[Material for this exercise — start]
Lemma pos_root_single c i : (forall k, 0 <= c 0 k) -> ecoord c i \in [:: 1; -1] ->
  (forall j, j != i -> ecoord c j = 0) -> c = evec i.
Proof.
move=> c_ge0 ci supp; have cE := ecoord_supp1 supp.
suff ci1 : ecoord c i = 1 by rewrite cE ci1 scale1r.
by apply: (pm1_ge0 ci); move: (c_ge0 i); rewrite {1}cE !mxE leqnn mulr1.
Qed.

Lemma pos_root_pair c i j : (forall k, 0 <= c 0 k) -> (i < j)%N ->
  ecoord c i \in [:: 1; -1] -> ecoord c j \in [:: 1; -1] ->
  (forall k, k != i -> k != j -> ecoord c k = 0) ->
  c = evec j + evec i \/ c = evec j - evec i.
Proof.
move=> c_ge0 ij ci cj supp.
have cE : c = _ := ecoord_supp2 (negbT (ltn_eqF ij)) supp.
have cj1 : ecoord c j = 1.
  by apply: (pm1_ge0 cj); move: (c_ge0 j); rewrite {1}cE !mxE leqnn leqNgt ij mulr0 add0r mulr1.
rewrite cj1 scale1r addrC in cE; move: ci; rewrite !inE => /orP[] /eqP ci.
- by left; rewrite cE ci scale1r.
- by right; rewrite cE ci scaleN1r.
Qed.

Lemma pos_root_cases c : pos_root c -> (exists i, c = evec i) \/
  exists i j, (i < j)%N /\ (c = evec j + evec i \/ c = evec j - evec i).
Proof.
case=> [[[i [ci supp]] | [i [j [ij [ci [cj supp]]]]]] c_ge0].
  by left; exists i; exact: pos_root_single ci supp.
right; have [lt_ij | lt_ji | eq_ij] := ltngtP i j.
- by exists i, j; split=> //; exact: pos_root_pair.
- by exists j, i; split=> //; apply: pos_root_pair => // k kj ki; exact: supp.
- by case/eqP: ij; apply: val_inj.
Qed.

Lemma is_root_evec2 i j (x y : int) : i != j -> x \in [:: 1; -1] -> y \in [:: 1; -1] ->
  is_root (x *: evec i + y *: evec j).
Proof.
move=> ij x1 y1; right; exists i, j; split=> //; have ji : j != i by rewrite eq_sym.
rewrite !ecoordD !ecoordZ !ecoord_evec !eqxx (negbTE ij) (negbTE ji).
rewrite !mulr1 !mulr0 addr0 add0r.
do 2 split=> //; move=> k ki kj.
by rewrite ecoordD !ecoordZ !ecoord_evec (negbTE ki) (negbTE kj) !mulr0 addr0.
Qed.

Lemma pos_root_evec i : pos_root (evec i).
Proof.
split; last exact: evec_ge0.
left; exists i; rewrite ecoord_evec eqxx; split=> // j ji.
by rewrite ecoord_evec (negbTE ji).
Qed.

Lemma pos_root_evecD i j : i != j -> pos_root (evec j + evec i).
Proof.
move=> ij; split; last by move=> k; rewrite mxE addr_ge0 ?evec_ge0.
by rewrite -[evec j]scale1r -[evec i]scale1r; apply: is_root_evec2; rewrite ?inE // eq_sym.
Qed.

Lemma pos_root_evecB i j : (i < j)%N -> pos_root (evec j - evec i).
Proof.
move=> ij; split; last by move=> k; rewrite !mxE; do 2!case: ifP; lia.
rewrite -[evec j]scale1r -scaleN1r; apply: is_root_evec2; rewrite ?inE //.
by rewrite eq_sym -val_eqE /= ltn_eqF.
Qed.

Lemma pos_root_delta i j : j = i.+1 :> nat -> pos_root (delta_mx 0 j).
Proof.
move=> ji; have -> : delta_mx 0 j = evec j - evec i by rewrite (evec_succ ji) addrC addKr.
by apply: pos_root_evecB; rewrite ji.
Qed.

Lemma heightD c d : height (c + d) = height c + height d.
Proof. by rewrite /height -big_split; apply: eq_bigr => i _; rewrite mxE. Qed.

Lemma height0 : height (0 : 'rV[int]_n) = 0.
Proof. by rewrite /height big1 // => i _; rewrite mxE. Qed.

Lemma height_delta k : height (delta_mx 0 k : 'rV[int]_n) = 1.
Proof.
rewrite /height (bigD1 k) //= big1 ?addr0 => [|i ik]; first by rewrite mxE !eqxx.
by rewrite mxE (negbTE ik) andbF.
Qed.

Lemma coef_le_height c k : (forall i, 0 <= c 0 i) -> c 0 k <= height c.
Proof. by move=> c_ge0; rewrite /height (bigD1 k) //= lerDl sumr_ge0. Qed.

Lemma coef2_le_height c k l : (forall i, 0 <= c 0 i) -> k != l -> c 0 k + c 0 l <= height c.
Proof.
move=> c_ge0 kl; rewrite /height (bigD1 k) //= (bigD1 l) 1?eq_sym //=.
by rewrite addrA lerDl sumr_ge0.
Qed.

Lemma prec_height c d : prec c d -> height c <= height d.
Proof. by case=> [/ltW | [-> _]]. Qed.

End Coordinates.

Section QuartetsOfB.
Variable n : nat.
Implicit Types (c d u : 'rV[int]_n.+1) (i j k : 'I_n.+1).

Lemma evec0 : evec (ord0 : 'I_n.+1) = delta_mx 0 ord0.
Proof. by apply/rowP => k; rewrite !mxE eqxx -val_eqE /= leqn0; case: eqP. Qed.

Lemma evec_head i : evec i 0 ord0 = 1.
Proof. by rewrite mxE. Qed.

Lemma delta_head k : (0 < k)%N -> (delta_mx 0 k : 'rV[int]_n.+1) 0 ord0 = 0.
Proof. by move=> k_gt0; rewrite mxE eqxx -val_eqE /= eq_sym gtn_eqF. Qed.

Lemma lexlt_head c d : lexlt c d -> c 0 ord0 <= d 0 ord0.
Proof.
case=> k [eq_lt lt_k]; have [k0 | k_gt0] := posnP k; last by rewrite eq_lt.
have k_ord0 : k = ord0 by apply: val_inj; rewrite /= k0.
by rewrite -k_ord0; exact: ltW.
Qed.

Lemma prec_by_head c d : height c <= height d -> c 0 ord0 < d 0 ord0 -> prec c d.
Proof.
rewrite le_eqVlt => /orP[/eqP eq_height | lt_height] lt_head; last by left.
by right; split=> //; exists ord0.
Qed.

Lemma special_delta k u : (0 < k)%N -> pos_root u -> 1 <= u 0 ord0 ->
  is_root (delta_mx 0 k + u) -> special (delta_mx 0 k) u.
Proof.
move=> k_gt0 u_pos u_head t_root; have [i ki] := exists_ord_pred k_gt0.
split; first exact: pos_root_delta ki.
do 3 split=> //; first by left; rewrite height0 height_delta.
apply: prec_by_head; last by rewrite delta_head.
by rewrite height_delta (le_trans u_head) // coef_le_height //; case: u_pos.
Qed.

Lemma extraspecial_delta (r1 s1 : 'rV[int]_n.+1) k :
  extraspecial r1 s1 -> r1 0 ord0 = 1 -> (0 < k)%N -> ~ pos_root (r1 + s1 - delta_mx 0 k).
Proof.
move=> [[[_ r1_ge0] [[_ s1_ge0] [t_root _]]] r1_min] r1_head k_gt0 u_pos.
have u_head : 1 <= (r1 + s1 - delta_mx 0 k) 0 ord0.
  by move: (delta_head k_gt0); rewrite !mxE => ->; rewrite subr0 r1_head lerDl.
have sum_eq : delta_mx 0 k + (r1 + s1 - delta_mx 0 k) = r1 + s1 by rewrite addrC subrK.
have sp : special (delta_mx 0 k) (r1 + s1 - delta_mx 0 k).
  by apply: special_delta; rewrite ?sum_eq.
case: (r1_min _ _ sp sum_eq) => [r1E | [lt_height | [_ /lexlt_head]]].
- by move: r1_head; rewrite r1E delta_head.
- by move: lt_height; rewrite height_delta ltNge -r1_head coef_le_height.
- by rewrite r1_head delta_head.
Qed.

Lemma prec_height_ge2 (r1 r : 'rV[int]_n.+1) :
  (forall i, 0 <= r1 0 i) -> (forall i, 0 <= r 0 i) -> r1 0 ord0 = 1 -> prec r1 r ->
  2 <= height r.
Proof.
move=> r1_ge0 r_ge0 r1_head; have := coef_le_height ord0 r1_ge0.
rewrite r1_head => r1_height [lt_height | [_ [k [eq_lt lt_k]]]]; first lia.
have [k0 | k_gt0] := posnP k.
  have k_ord0 : k = ord0 by apply: val_inj; rewrite /= k0.
  by have := coef_le_height ord0 r_ge0; move: lt_k; rewrite k_ord0 r1_head; lia.
have k_ne0 : ord0 != k by rewrite -val_eqE /= neq_ltn k_gt0.
have := coef2_le_height r_ge0 k_ne0; have := r1_ge0 k.
by move: lt_k; rewrite -(eq_lt ord0 k_gt0) r1_head; lia.
Qed.

Lemma quartet_height (r1 r s s1 : 'rV[int]_n.+1) :
  quartet r1 r s s1 -> r1 0 ord0 = 1 -> 4 <= height (r1 + s1).
Proof.
move=> [[[[_ r1_ge0] _] _] [[[_ r_ge0] _] [_ [sum_eq [_ [r1r [rs _]]]]]]] r1_head.
have := prec_height_ge2 r1_ge0 r_ge0 r1_head r1r.
by have := prec_height rs; rewrite -sum_eq heightD; lia.
Qed.

Lemma pos_root_sub_delta (t : 'rV[int]_n.+1) :
  pos_root t -> 1 <= t 0 ord0 -> 4 <= height t ->
  exists2 k : 'I_n.+1, (0 < k)%N & pos_root (t - delta_mx 0 k).
Proof.
move=> t_pos t_head t_height.
case: (pos_root_cases t_pos) => [[j tE] | [m [j [lt_mj [tE | tE]]]]].
- have [j0 | j_gt0] := posnP j.
    have j_ord0 : j = ord0 by apply: val_inj; rewrite /= j0.
    by move: t_height; rewrite tE j_ord0 evec0 height_delta.
  have [i ji] := exists_ord_pred j_gt0; exists j => //.
  by rewrite tE (evec_succ ji) addrK; exact: pos_root_evec.
- have j_gt0 := leq_ltn_trans (leq0n m) lt_mj; have [i ji] := exists_ord_pred j_gt0.
  have [m0 | m_gt0] := posnP m; last first.
    have [m' mm'] := exists_ord_pred m_gt0; exists m => //.
    rewrite tE (evec_succ mm') addrA addrK; apply: pos_root_evecD.
    by rewrite -val_eqE /=; lia.
  have [i0 | i_gt0] := posnP i; last first.
    exists j => //; rewrite tE (evec_succ ji) addrAC addrK; apply: pos_root_evecD.
    by rewrite -val_eqE /=; lia.
  have m_ord0 : m = ord0 by apply: val_inj; rewrite /= m0.
  have i_ord0 : i = ord0 by apply: val_inj; rewrite /= i0.
  by move: t_height; rewrite tE (evec_succ ji) m_ord0 i_ord0 evec0 !heightD !height_delta.
- by move: t_head; rewrite tE !mxE.
Qed.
[Material for this exercise — finish]
§ **Problem description**:
Across the entries above, find the lines with the string "right" and copy them.

§ **Response to the task**:
- by right; rewrite cE ci scaleN1r.
right; have [lt_ij | lt_ji | eq_ij] := ltngtP i j.
move=> ij x1 y1; right; exists i, j; split=> //; have ji : j != i by rewrite eq_sym.
by right; split=> //; exists ord0.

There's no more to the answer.